RATIONALE: Compared with other animal venoms, ant venoms remain little explored. Ants have evolved complex venoms to rapidly immobilize arthropod prey and to protect their colonies from predators and pathogens. Many ants have retained peptide-rich venoms that are similar to those of other arthropod groups. METHODS: With the goal of conducting a broad and comprehensive survey of ant venom peptide diversity, we investigated the peptide composition of venoms from 82 stinging ant species from nine subfamilies using matrix-assisted laser desorption/ionisation time-of-flight mass spectrometry (MALDI-TOFMS). We also conducted an in-depth investigation of eight venoms using reversed-phase high-performance liquid chromatography (RP-HPLC) separation coupled with offline MALDI-TOFMS. RESULTS: Our results reveal that the peptide compositions of ant venom peptidomes from both poneroid and formicoid ant clades comprise hundreds of small peptides (<4 kDa), while large peptides (>4 kDa) are also present in the venom of formicoids. Chemical reduction revealed the presence of disulfide-linked peptides in most ant subfamilies, including peptides structured by one, two or three disulfide bonds as well as dimeric peptides reticulated by three disulfide bonds. CONCLUSIONS: The biochemical complexity of ant venoms, associated with an enormous ecological and taxonomic diversity, suggests that stinging ant venoms constitute a promising source of bioactive molecules that could be exploited in the search for novel drug and biopesticide leads.

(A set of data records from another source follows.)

Lemma moment_recursion_S p : moment_recursion p ->
  (forall j, (1 <= j <= S p)%nat -> fulcrum_derivable j) -> moment_recursion (S p).
Proof.
  intros HR HD c s Hs.
  set (g := fun i x => Binomial.C p i * raw_moment a c i x * cumulant c (S (p - i)) x).
  set (dg := fun i =>
    Binomial.C p i * raw_moment a c (S i) s * cumulant c (S (p - i)) s
    + Binomial.C p i * raw_moment a c i s * cumulant c (S (S (p - i))) s + c * g i s).
  assert (Hsum : is_derive (fun x => sum_n (fun i => g i x) p) s (sum_n dg p)).
  { apply (is_derive_sum_n g). intros i Hi.
    replace (dg i) with
      (Binomial.C p i * (raw_moment a c (S i) s + c * raw_moment a c i s) * cumulant c (S (p - i)) s
       + Binomial.C p i * raw_moment a c i s * cumulant c (S (S (p - i))) s)
      by (unfold dg, g; ring).
    apply (Derive.is_derive_mult (fun x => Binomial.C p i * raw_moment a c i x) (cumulant c _)).
    - apply is_derive_scal, is_derive_raw_moment; assumption.
    - apply is_derive_cumulant, HD; [lia | assumption]. }
  assert (Hraw : is_derive (raw_moment a c (S p)) s (sum_n dg p)).
  { apply (is_derive_ext_loc (fun x => sum_n (fun i => g i x) p)); [| exact Hsum].
    apply (filter_imp (fulcrum_domain a)); [| apply fulcrum_domain_locally, Hs].
    intros x Hx. symmetry. apply HR, Hx. }
  assert (Hderiv := is_derive_unique _ _ _ (is_derive_raw_moment a radius_pos c (S p) s Hs)).
  rewrite (is_derive_unique _ _ _ Hraw) in Hderiv. unfold dg in Hderiv.
  rewrite <- sum_n_lin in Hderiv.
  replace (sum_n (fun i => g i s) p) with (raw_moment a c (S p) s) in Hderiv by (apply HR, Hs).
  rewrite <- (sum_n_Leibniz (fun i => raw_moment a c i s) (fun j => cumulant c (S j) s)).
  cbv beta. lra.
Qed.

Lemma moment_recursion_all p :
  moment_recursion p /\ forall j, (1 <= j <= p)%nat -> fulcrum_derivable j.
Proof.
  induction p as [|p [HR HD]].
  - split; [apply moment_recursion_0 | intros; lia].
  - assert (HD' : forall j, (1 <= j <= S p)%nat -> fulcrum_derivable j).
    { intros j Hj. destruct (Nat.eq_dec j (S p)) as [-> | Hne].
      - apply fulcrum_derivable_S; assumption.
      - apply HD. lia. }
    split; [apply moment_recursion_S |]; assumption.
Qed.

Lemma Series_centered_probK c k s :
  Series (fun n => (INR n - c) ^ k * probK a (exp s) n) = raw_moment a c k s / fK a (exp s).
Proof.
  unfold probK, raw_moment, PSeries, Rdiv. rewrite <- Series_scal_r.
  apply Series_ext. intros n. unfold centered_coef. ring.
Qed.

Lemma meanK_exp s : fulcrum_domain a s -> meanK a (exp s) = Derive_n (fulcrum a) 1 s.
Proof.
  intros Hs. unfold meanK.
  rewrite (Series_ext _ (fun n => (INR n - 0) ^ 1 * probK a (exp s) n)) by (intros; ring).
  rewrite Series_centered_probK, <- (raw_moment_0 a 0).
  symmetry. apply is_derive_unique, is_derive_fulcrum, Hs.
Qed.

Lemma cumulant_meanK_1 s : fulcrum_domain a s -> cumulant (meanK a (exp s)) 1 s = 0.
Proof. intros Hs. unfold cumulant. rewrite meanK_exp by assumption. ring. Qed.
(* Truncate [h := d x0 _ ^ q] at a level [K] where [h] and [min h K] have close
   [mu]-integrals, clamp [g] accordingly, and compare the clamped integrals,
   which converge by [tau_w_cvg_bounded]. *)
Lemma tau_w_cvg_growth x0 (g : X -> R) (C C' : R) : 0 <= C -> 0 <= C' ->
  dcontinuous d g -> (forall y, `|g y| <= C + C' * d x0 y `^ q) ->
  rintegral (nu n) g @[n --> \oo] --> rintegral mu g.
Proof.
move=> C0 C'0 gc gb.
pose h y := d x0 y `^ q.
have h0 y : 0 <= h y by apply: powR_ge0.
have hc : dcontinuous d h by exact: dcontinuous_dist_powR.
have mh := dcontinuous_measurable Hb hc.
have mg := dcontinuous_measurable Hb gc.
apply/cvgrPdist_lt => e e0.
pose e' := e / (4 * (C' + 1)).
have e'0 : 0 < e' by rewrite divr_gt0 // mulr_gt0 // ltr_wpDl.
have [K K0 trunc] := rintegral_truncation mh h0 (in_P_rintegrable Hm Hb q0 hmu x0) e'0.
pose hK y := Num.min (h y) K.
have hKc : dcontinuous d hK by apply: dcontinuous_min => //; exact: dcontinuous_cst.
have hKb y : `|hK y| <= K.
  by rewrite ger0_norm ?ge_min ?lexx ?orbT // le_min h0 K0.
pose M := C + C' * K.
have M0 : 0 <= M by rewrite addr_ge0 // mulr_ge0.
pose gK y := clamp M (g y).
have gKc : dcontinuous d gK.
  apply: dcontinuous_max; first exact: dcontinuous_cst.
  by apply: dcontinuous_min => //; exact: dcontinuous_cst.
have gKb y : `|gK y| <= M by exact: clamp_norm_le.
have clamp_le (P : probability X R) : in_P d q P ->
    `|rintegral P g - rintegral P gK| <= C' * (rintegral P h - rintegral P hK).
  by move=> hP; exact: (rintegral_clamp_le Hm Hb q0 hP C0 C'0 K0 mg gb).
move/cvgrPdist_lt: (tau_w_cvg_dist_powR (x := x0)) => /(_ e' e'0) Eh.
move/cvgrPdist_lt: (tau_w_cvg_bounded hKc (ex_intro _ K hKb)) => /(_ e' e'0) EhK.
move/cvgrPdist_lt: (tau_w_cvg_bounded gKc (ex_intro _ M gKb)) => /(_ e' e'0) EgK.
near=> n.
have e1 : `|rintegral mu h - rintegral (nu n) h| < e' by near: n.
have e2 : `|rintegral mu hK - rintegral (nu n) hK| < e' by near: n.
have e3 : `|rintegral mu gK - rintegral (nu n) gK| < e' by near: n.
have b1 := clamp_le mu hmu.
have b2 := clamp_le (nu n) (hnu n).
have t1 : C' * (rintegral (nu n) h - rintegral (nu n) hK) <= C' * (3 * e').
  rewrite ler_wpM2l //.
  by move: e1 e2 trunc; rewrite !ltr_norml => /andP[a1 a2] /andP[a3 a4] a5; lra.
have t2 : C' * (rintegral mu h - rintegral mu hK) <= C' * e'.
  by rewrite ler_wpM2l // ltW.
have ee : e = 4 * (C' + 1) * e'.
  by rewrite /e' mulrC divfK // gt_eqF // mulr_gt0 // ltr_wpDl.
have tri : `|rintegral mu g - rintegral (nu n) g| <=
    `|rintegral mu g - rintegral mu gK| + `|rintegral mu gK - rintegral (nu n) gK|
    + `|rintegral (nu n) gK - rintegral (nu n) g|.
  rewrite (_ : _ - _ = rintegral mu g - rintegral mu gK
    + (rintegral mu gK - rintegral (nu n) gK)
    + (rintegral (nu n) gK - rintegral (nu n) g)); last by ring.
  by apply: le_trans (ler_normD _ _) _; rewrite lerD2r; exact: ler_normD.
rewrite distrC in b2; nra.
Unshelve. all: end_near.
Qed.

End TauWConvergence.

Section DistPowR.
Context {R : realType} {X : Type} (d : X -> X -> R) (Hm : is_metric d).
Variable p : R.
Hypothesis p1 : 1 <= p.

Lemma dist_powRB_le z x' y :
  `|d z y `^ p - d x' y `^ p| <=
    p * 2 `^ (p - 1) * d z x' * (d z x' `^ (p - 1) + d x' y `^ (p - 1)).
Proof.
have zx' : `|d z y - d x' y| <= d z x'.
  by rewrite (metricC Hm z y) (metricC Hm x' y); exact: metric_lipschitz.
apply: le_trans (powR_dist_le p1 (metric_ge0 Hm z y) (metric_ge0 Hm x' y) zx') _.
by rewrite le_eqVlt; apply/orP; left; apply/eqP; ring.
Qed.

End DistPowR.

Section MinimizersIntegral.
Context {R : realType} {dsp : measure_display} {X : measurableType dsp}
  (d : X -> X -> R) (Hm : is_metric d) (Hb : borel_of_metric d).
Variables (p : R) (P : probability X R).
Hypotheses (p1 : 1 <= p) (hP : in_P d (p - 1) P).

Lemma dist_powRB_rintegrable z x' : rintegrable P (fun y => d z y `^ p - d x' y `^ p).
Proof.
have q0 : 0 <= p - 1 by rewrite subr_ge0.
have p0 : 0 <= p by apply: le_trans p1.
pose c := p * 2 `^ (p - 1) * d z x'.
apply: (@growth_rintegrable _ _ _ _ Hm Hb _ _ q0 hP x' _ (c * d z x' `^ (p - 1)) c).
  by apply: (dcontinuous_measurable Hb); apply: dcontinuousB;
    exact: dcontinuous_dist_powR.
by move=> y; rewrite -mulrDr; exact: dist_powRB_le.
Qed.

Lemma M_pP z : M_p d p P z <->
  forall x', rintegral P (fun y => d z y `^ p - d x' y `^ p) <= 0.
Proof.
by split=> Mz x'; have := Mz x'; rewrite /W_p rintegral_EFin ?lee_fin //;
  exact: dist_powRB_rintegrable.
Qed.

Lemma rintegral_dist_powRB_le z x :
  rintegral P (fun y => d x y `^ p - d z y `^ p) <=
    p * 2 `^ (p - 1) * d z x *
      (d z x `^ (p - 1) + rintegral P (fun y => d x y `^ (p - 1))).
Proof.
have q0 : 0 <= p - 1 by rewrite subr_ge0.
have xint := in_P_rintegrable Hm Hb q0 hP x.
set c := p * 2 `^ (p - 1) * d z x.
have bound_int : rintegrable P (fun y => c * d z x `^ (p - 1) + c * d x y `^ (p - 1)).
  by apply: rintegrableD; [exact: rintegrable_cst | exact: rintegrableZ].
rewrite mulrDr -[X in X + _](rintegral_cst P) -rintegralZ // -rintegralD //;
  [| exact: rintegrable_cst | exact: rintegrableZ].
apply: le_rintegral => [|//|y]; first exact: dist_powRB_rintegrable.
rewrite -mulrDr; apply: le_trans (dist_powRB_le Hm p1 z x y).
by rewrite -normrN opprB ler_norm.
Qed.

End MinimizersIntegral.

(* With [t = d o y], [s = d z y] and [D = d o z >= D0], [kappa p D0 t] is a lower
   bound for [(s ^ p - t ^ p) / D] that is continuous in [y] and tends to [1] as
   [D0] grows: the first term handles [t] small compared to [D], the second one
   the remaining points, where only [s ^ p - t ^ p >= - p t ^ (p - 1) D] holds. *)
Definition kappa_cutoff {R : realType} (D0 t : R) : R :=
  Num.min 1 (Num.max 0 (8 * t / (D0 - 1) - 1)).

Definition kappa {R : realType} (p D0 t : R) : R :=
  Num.max (1 - (4 * t + 1) / D0) 0 - p * t `^ (p - 1) * kappa_cutoff D0 t.
Lemma count_nonneutral_right : 3 * f <= count (predC inS1) (iota 1 n3).
Proof.
have := count_nonneutral_left; have := count_inS1_le n3.
have := count_predC inS (iota 1 n3); have := count_predC inS1 (iota 1 n3); lia.
Qed.

Lemma yL_progression y m : 0 < y <= f -> y + m.-1 * f <= count (predC inS) (iota 1 n3) ->
  exists s, [/\ uniq s, size s = m & {in s, forall c, 0 < c <= n3 /\ yL c = y}].
Proof.
case/andP => y_gt0 y_le_f /(count_iota_rank_progression f_gt0 y_gt0) [s [uniq_s size_s in_s]].
exists s; split => // c /in_s [hc nS [k _ rank_c]]; split => //.
rewrite /Defs.yL n2_odd /= (negbTE nS) (_ : rankL c = y + k * f) //.
have -> : y + k * f - 1 = k * f + (y - 1) by lia.
by rewrite modnMDl modn_small; lia.
Qed.

Lemma yR_progression y m : f < y <= 2 * f ->
  y - f + m.-1 * f <= count (predC inS1) (iota 1 n3) ->
  exists s, [/\ uniq s, size s = m & {in s, forall c, 0 < c <= n3 /\ yR c = y}].
Proof.
case/andP => f_lt_y y_le_2f.
have /(count_iota_rank_progression f_gt0) : 0 < y - f by lia.
move=> /[apply] [[s [uniq_s size_s in_s]]].
exists s; split => // c /in_s [hc nS1 [k _ rank_c]]; split => //.
rewrite /Defs.yR n2_odd /= (negbTE nS1) (_ : rankR c = y - f + k * f) //.
have -> : y - f + k * f - 1 = k * f + (y - f - 1) by lia.
by rewrite modnMDl modn_small; lia.
Qed.

Lemma size_Wia2_odd_low y : 0 < y <= f -> 3 <= size (Wia 2 y).
Proof.
move=> hy; have := count_nonneutral_left.
move: mz_valid; rewrite /validMod n2_odd /=.
case: (leqP kcount 1) => [k_le1 [z mz_z [_ _ yLz]] | _ mz_None] /= count_ge.
- (* the moved landmark has [yL z = 1]: a fourth column is needed only when [y = 1] *)
  have le_count : y + (3 + (y == 1)).-1 * f <= count (predC inS) (iota 1 n3).
    by case: (y =P 1) => [-> | _] /=; lia.
  have [s [uniq_s size_s in_s]] := yL_progression hy le_count.
  have z_count : count_mem z s <= (y == 1).
    rewrite count_uniq_mem //; case: (boolP (z \in s)) => // /in_s [_ yLz'].
    by rewrite -yLz' yLz.
  apply: leq_trans (size_Wia2_ge_left (s := filter (predC (pred1 z)) s) (filter_uniq _ uniq_s) _).
  + by have := count_predC (pred1 z) s; rewrite size_filter; lia.
  + move=> c; rewrite mem_filter /= => /andP [c_neq_z /in_s [hc yLc]]; split => //.
    by rewrite mz_z; apply: contra c_neq_z => /eqP [->].
- have [s [uniq_s <- in_s]] := @yL_progression y 3 hy (ltac:(lia)).
  by apply: size_Wia2_ge_left => // c /in_s [hc yLc]; rewrite mz_None.
Qed.

Lemma size_Wia2_odd_high y : f < y <= 2 * f -> 3 <= size (Wia 2 y).
Proof.
move=> hy; have := count_nonneutral_right => count_ge.
have [s [uniq_s <- in_s]] := @yR_progression y 3 hy (ltac:(lia)).
exact: size_Wia2_ge_right.
Qed.

Lemma size_Wia2_odd_top : 3 <= size (Wia 2 n2).
Proof.
move: mz_valid; rewrite /validMod n2_odd /=.
case: (leqP kcount 1) => [k_le1 [z mz_z [hz _ yLz]] | k_gt1 mz_None].
- have z_neq1 : z != 1.
    by apply/eqP => z1; move: yLz; rewrite z1 yL_neutral ?inS_small //; lia.
  have -> : 3 = size [:: leftLm 1; leftLm z; rightLm 2] by [].
  apply: uniq_leq_size.
    rewrite /= !inE (inj_eq leftLm_inj) [1 == z]eq_sym (negbTE z_neq1) /=.
    by rewrite !leftLm_neq_rightLm //; lia.
  move=> w; rewrite !inE => /or3P [] /eqP ->;
    rewrite mem_filter ?leftLm_Wset ?rightLm_Wset ?andbT /=; try lia.
  + have yL1 : yL 1 = n2 by rewrite yL_neutral ?inS_small.
    by case: (mz =P Some 1) => _; rewrite ?yL1 eqxx.
  + by rewrite mz_z eqxx.
  + by rewrite yR_neutral // /Defs.inS1 inS_small.
- have [i [j [hi hj i_neq_j Pi Pj]]] := two_le_count_exists (iota_uniq 1 n1) k_gt1.
  rewrite !mem_iota in hi hj.
  have [bi hi_range Si S1i] := start_neutral k_gt1 (ltac:(lia) : 0 < i <= n1) Pi.
  have [bj hj_range Sj _] := start_neutral k_gt1 (ltac:(lia) : 0 < j <= n1) Pj.
  have -> : 3 = size [:: leftLm (start i); leftLm (start j); rightLm (start i).+1] by [].
  apply: uniq_leq_size.
    have s_neq : start i != start j.
      by apply: contra i_neq_j => /eqP eq_s; rewrite -bi -bj eq_s eqxx.
    by rewrite /= !inE (inj_eq leftLm_inj) (negbTE s_neq) /= !leftLm_neq_rightLm //; lia.
  move=> w; rewrite !inE => /or3P [] /eqP ->;
    rewrite mem_filter ?leftLm_Wset ?rightLm_Wset ?andbT /= ?mz_None /=; try lia.
  + by rewrite yL_neutral.
  + by rewrite yL_neutral.
  + by rewrite yR_neutral.
Qed.

Lemma size_Wia2_odd y : Wia 2 y != [::] -> 3 <= size (Wia 2 y).
Proof.
case/Wia_witness => c hc /= y_c.
have [-> | [] ] : y = n2 \/ 0 < y <= f \/ f < y <= 2 * f.
- have := yL_odd_range c; have := yR_odd_range c.
  by case: y_c => <-; first case: ifP => _; lia.
- exact: size_Wia2_odd_top.
- exact: size_Wia2_odd_low.
- exact: size_Wia2_odd_high.
Qed.

Lemma q_ell_n1_le_f : 3 < n1 -> kcount <= 1 -> q <= f /\ ell n1 <= f.
Proof.
move=> n1_ge4 k_le1; have r_lt := r_lt_n1 n3 n1_gt0.
have q_le_f : q <= f.
  rewrite leqNgt; apply/negP => f_lt_q; move: k_le1.
  have -> : kcount = n1.
    rewrite /Defs.kcount -[RHS](size_iota 1); apply/eqP; rewrite -all_count.
    by apply/allP => i _; have := ell_bounds n1 n3 i; lia.
  lia.
have r_le1 : q = f -> r <= 1.
  move=> q_f; rewrite leqNgt; apply/negP => r_gt1.
  have ell_big i : i \in [:: 1; 3] -> f < ell i.
    by rewrite !inE => /pred2P [] ->; rewrite /Defs.ell /=; repeat case: ifP => ?; lia.
  have : size [:: 1; 3] <= kcount.
    rewrite /Defs.kcount -size_filter; apply: uniq_leq_size => // i i13.
    by rewrite mem_filter ell_big // mem_iota; move: i13; rewrite !inE => /pred2P [] ->; lia.
  by move=> /=; lia.
split => //; have := ell_bounds n1 n3 n1; case: (ltnP q f) => [q_lt_f | f_le_q] ell_n1.
- by lia.
- by have := r_le1 (ltac:(lia)); rewrite /Defs.ell; repeat case: ifP => ?; lia.
Qed.

Lemma block_2f2_middle : 3 < n1 -> kcount <= 1 -> 3 <= block (2 * f + 2) < n1.
Proof.
move=> n1_ge4 k_le1; have [q_le_f ell_n1] := q_ell_n1_le_f n1_ge4 k_le1.
have n2E := n2_oddE; have r_lt := r_lt_n1 n3 n1_gt0.
have L3 : Lsum 3 <= 2 * f + 1.
  have ell2 : ell 2 = q by rewrite /Defs.ell /=; repeat case: ifP => ?; lia.
  rewrite (LsumS n1 n3 (isT : 0 < 2)) (LsumS n1 n3 (isT : 0 < 1)) Lsum_small // ell2.
  by have := ell_bounds n1 n3 1; lia.
have Ln1 : 2 * f + 2 <= Lsum n1.
  by have := Lsum_total n1_gt0 n1_le_n3; rewrite LsumS; lia.
have hz : 0 < 2 * f + 2 <= n3 by lia.
have [/andP [b_gt0 b_le] /andP [lt_z le_z]] := block_spec n1_gt0 n1_le_n3 hz.
set b := block (2 * f + 2) in b_gt0 b_le lt_z le_z *; apply/andP; split.
- rewrite leqNgt; apply/negP => b_lt3.
  by have := Lsum_mono n1 n3 (ltac:(lia) : b.+1 <= 3); rewrite LsumS; lia.
- by rewrite ltn_neqAle b_le andbT; apply/eqP => b_n1; rewrite b_n1 in lt_z; lia.
Qed.

Lemma rankL_2f2 : kcount <= 1 -> rankL (2 * f + 2) = 2 * f + 1.
Proof.
move=> k_le1; rewrite /Defs.rankL (eq_count (a2 := predC1 1)) => [|c]; last first.
  by rewrite /= inS_small.
rewrite addn2 /= (eq_in_count (a2 := predT)) ?count_predT ?size_iota ?addn1 // => c.
by rewrite mem_iota /=; lia.
Qed.
Lemma loop_cst : is_loop y (cst y).
Proof. by split => //; exact: path_cst. Qed.

Lemma loop_concat p q : is_loop y p -> is_loop y q -> is_loop y (concat p q).
Proof.
move=> [hp p0 p1] [hq q0 q1]; split.
- by apply: path_concat => //; rewrite p1 q0.
- by rewrite /concat ifT ?mulr0 //; lra.
- rewrite /concat ifF; last by apply/negbTE; rewrite -ltNge; lra.
  by have -> : (2 : R) * 1 - 1 = 1 by lra.
Qed.

Lemma loop_reverse p : is_loop y p -> is_loop y (reverse p).
Proof. by move=> [hp p0 p1]; split; rewrite /reverse ?subr0 ?subrr //; exact: path_reverse. Qed.

Lemma loop_commutator a b : is_loop y a -> is_loop y b -> is_loop y (commutator a b).
Proof.
move=> ha hb; apply: loop_concat; last exact: loop_reverse.
by apply: loop_concat; [exact: loop_concat|exact: loop_reverse].
Qed.

Lemma commutator_loops_commutator a b :
  is_loop y a -> is_loop y b -> commutator_loops y (commutator a b).
Proof. by move=> ha hb S _; apply. Qed.

Lemma closed_commutator_loops_concat_reverse (d : Y -> Y -> R) k :
  is_loop y k -> closed_commutator_loops d y (concat k (reverse k)).
Proof.
move=> hk S [_ hom Scst _ _] _ _; apply: (hom (cst y)) => //.
  by apply: loop_concat => //; exact: loop_reverse.
by case: hk => pk <- _; exact: homotopic_cst_concat_reverse.
Qed.

End Loops.

Section Metric.
Variables (Y : topologicalType) (d : Y -> Y -> R).
Hypothesis hd : metrizes d.

Lemma metricC a b : d a b = d b a.
Proof. by case: hd => -[]. Qed.

Lemma metric_triangle a b c : d a c <= d a b + d b c.
Proof. by case: hd => -[]. Qed.

Lemma metric_xx a : d a a = 0.
Proof. by case: hd => -[_ h _ _] _; apply/h. Qed.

Diversity of peptide toxins from stinging ant venoms.

Ants (Hymenoptera: Formicidae) represent a taxonomically diverse group of arthropods comprising nearly 13,000 extant species. Sixteen ant subfamilies have individuals that possess a stinger and use their venom for purposes such as a defence against predators, competitors and microbial pathogens, for predation, as well as for social communication. They exhibit a range of activities including antimicrobial, haemolytic, cytolytic, paralytic, insecticidal and pain-producing pharmacologies. While ant venoms are known to be rich in alkaloids and hydrocarbons, ant venoms rich in peptides are becoming more common, yet remain understudied. Recent advances in mass spectrometry techniques have begun to reveal the true complexity of ant venom peptide composition. In the few venoms explored thus far, most peptide toxins appear to occur as small polycationic linear toxins, with antibacterial properties and insecticidal activity. Unlike other venomous animals, a number of ant venoms also contain a range of homodimeric and heterodimeric peptides with one or two interchain disulfide bonds possessing pore-forming, allergenic and paralytic actions. However, ant venoms seem to have only a small number of monomeric disulfide-linked peptides. The present review details the structure and pharmacology of known ant venom peptide toxins and their potential as a source of novel bioinsecticides and therapeutic agents.